Text Processing: A Simple Spelling Checker

The Problem

In this chapter we will develop a small and extremely fast spelling checker that is completely memory resident and with a surprisingly small memory footprint.

The motivation for such a program goes back to the mid-70s when I was working at a newspaper as a computer programmer. The lack of any form of automatic spell checking meant huge amounts of time for human proof readers to carefully find misspelled words and correct them. We wanted a program that could simply flag a word that was not in a lexicon (ours had over 50,000 words)

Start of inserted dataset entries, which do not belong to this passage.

Lemma tplus_homomorphic_loop A B :
  st B = en B -> homomorphic A B -> homomorphic (tplus A) B.
Proof.
by move=> loopB [fv [fe [? [? [? [fst _]]]]]]; exists fv, fe; do !split=> //; rewrite /= fst.
Qed.

Lemma tstar_homomorphic_loop A B :
  st B = en B -> homomorphic A B -> homomorphic (tstar A) B.
Proof.
by move=> loopB [fv [fe [? [? [? [_ fen]]]]]]; exists fv, fe; do !split=> //; rewrite /= fen.
Qed.

Lemma tmul_loop_homomorphicC A B :
  st A = en A -> st B = en B -> homomorphic (tmul A B) (tmul B A).
Proof.
move=> loopA loopB.
pose hv (s : glueV A B) : glueV B A :=
  match s with inl a => inY B a | inr b => inl (val b) end.
have inY_enA : inY B (en A) = inl (en B) by rewrite -loopA inY_st.
have hv_inY b : hv (inY A b) = inl b by case: (inYP A b) => //=; rewrite inY_enA loopB.
have hv_inl a : hv (inl a) = inY B a by [].
clearbody hv.
exists hv, (fun s => match s with inl e => inr e | inr e => inl e end).
by split; [|split; [|split; [|split]]] => [[e|e]|[e|e]|[e|e]||] /=;
  rewrite ?hv_inl ?hv_inY ?inY_st ?inY_enA ?loopB.
Qed.

Lemma gen_plus_star_loop P : gen_plus_star P -> st P = en P.
Proof.
elim=> [X Q _ XQ|X Q _ XQ|A B Q _ loopA _ loopB XQ]; apply: (prunedof_loop XQ) => //.
by rewrite /= -loopB inY_st loopA.
Qed.

Lemma prunedof_tmulA X Y Z XY XYZ YZ XYZ' :
  prunedof (tmul X Y) XY -> prunedof (tmul XY Z) XYZ ->
  prunedof (tmul Y Z) YZ -> prunedof (tmul X YZ) XYZ' -> iso XYZ XYZ'.
Proof.
move=> /prunedof_homomorphic[XY_XY XY_XY'] XYZ_XYZ.
move=> /prunedof_homomorphic[YZ_YZ YZ_YZ'] XYZ_XYZ'.
apply: prunedof_iso XYZ_XYZ XYZ_XYZ' _ _.
- apply: homomorphic_trans (tmul_homomorphic XY_XY (homomorphic_refl Z)) _.
  apply: homomorphic_trans (tmul_assoc_homomorphic X Y Z) _.
  exact: tmul_homomorphic (homomorphic_refl X) YZ_YZ'.
- apply: homomorphic_trans (tmul_homomorphic (homomorphic_refl X) YZ_YZ) _.
  apply: homomorphic_trans (tmul_assoc_homomorphic_inv X Y Z) _.
  exact: tmul_homomorphic XY_XY' (homomorphic_refl Z).
Qed.

Lemma prunedof_tplus_idem X A B : prunedof (tplus X) A -> prunedof (tplus A) B -> iso B A.
Proof.
move=> XA AB; have [A_X X_A] := prunedof_homomorphic XA.
apply: prunedof_iso AB XA _ _; first exact: tplus_homomorphic_loop.
exact: (tplus_homomorphic X_A).
Qed.

Lemma prunedof_tstar_idem X A B : prunedof (tstar X) A -> prunedof (tstar A) B -> iso B A.
Proof.
move=> XA AB; have [A_X X_A] := prunedof_homomorphic XA.
apply: prunedof_iso AB XA _ _; first exact: tstar_homomorphic_loop.
exact: (tstar_homomorphic X_A).
Qed.

Lemma prunedof_tmul_loopC A B AB BA : st A = en A -> st B = en B ->
  prunedof (tmul A B) AB -> prunedof (tmul B A) BA -> iso AB BA.
Proof.
move=> loopA loopB ABAB BABA.
by apply: prunedof_iso ABAB BABA _ _; apply: tmul_loop_homomorphicC.
Qed.
End PrunedGraphs.

Theorem corollary4p6 (Sigma : Type) :
  (* pruned multiplication is associative on T^1(Sigma): (XY)Z = X(YZ) *)
  (forall X Y Z XY XYZ YZ XYZ' : sgraph Sigma,
     ptree X -> ptree Y -> ptree Z ->
     prunedof (tmul X Y) XY -> prunedof (tmul XY Z) XYZ ->
     prunedof (tmul Y Z) YZ -> prunedof (tmul X YZ) XYZ' ->
     iso XYZ XYZ') /\
  (* + is idempotent: (X^+)^+ = X^+ *)
  (forall X A B : sgraph Sigma,
     ptree X -> prunedof (tplus X) A -> prunedof (tplus A) B -> iso B A) /\
  (* star is idempotent: (X^* )^* = X^* *)
  (forall X A B : sgraph Sigma,
     ptree X -> prunedof (tstar X) A -> prunedof (tstar A) B -> iso B A) /\
  (* the subsemigroup generated by the images of + and star is commutative *)
  (forall A B AB BA : sgraph Sigma,
     gen_plus_star A -> gen_plus_star B ->
     prunedof (tmul A B) AB -> prunedof (tmul B A) BA -> iso AB BA).
Proof.
split; [|split; [|split]].
- by move=> X Y Z XY XYZ YZ XYZ' _ _ _; apply: prunedof_tmulA.
- by move=> X A B _; apply: prunedof_tplus_idem.
- by move=> X A B _; apply: prunedof_tstar_idem.
- move=> A B AB BA /gen_plus_star_loop loopA /gen_plus_star_loop loopB.
  exact: prunedof_tmul_loopC.
Qed.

This is fairly trivial with todays computer technology. We have a file of 53,751 common words spell.words that looks like the following.:

a
aal
aalii
aaliis
aals
.
.
.
zwieback
zygal
zygon
zygosity
zygotene
zygotic
zymaturgy
zymes
zymic
zymin

We can get this into a list in memory with the following

>>> words = open("spell.words").readlines()
>>> words = [word.strip() for word in words]

The strip function is needed to remove the newline character at the end of each word.

Now we can simply check if a word is in our list

>>> 'zygotic' in words
True

But if we were checking each word in a 1000 word story the timing requirements would be similar to

>>> for i in range(1000): found = 'zygotic' in words
...
>>>

And even on my laptop in 2014 there is about a 2 second pause.

But that’s really not a problem today. In Python we have dictionaries built into the language. So we can simply do the following.

>>> hash = {}
>>> for word in words: hash[word] = True
...
>>>

Now with even 100 times the number of lookups above the prompt returns almost immediately.

>>> for i in range(100000): found = hash.has_key('zygotic')

Alas, in the mid-70s this kind of computer power was only a dream. In 40 years we have had about a thousand-fold increase in CPU speed, main memory and disk capacity. Yesterday’s megabyte is today’s gigabyte. Yesterday, CPU cycles then were measured in microseconds, today in nanoseconds. Our server computer where the spell checking program would run (along with about 20 other programs) was a PDP-11/70 that had only 1.5 megabytes of main memory and precious few CPU cycles to spare.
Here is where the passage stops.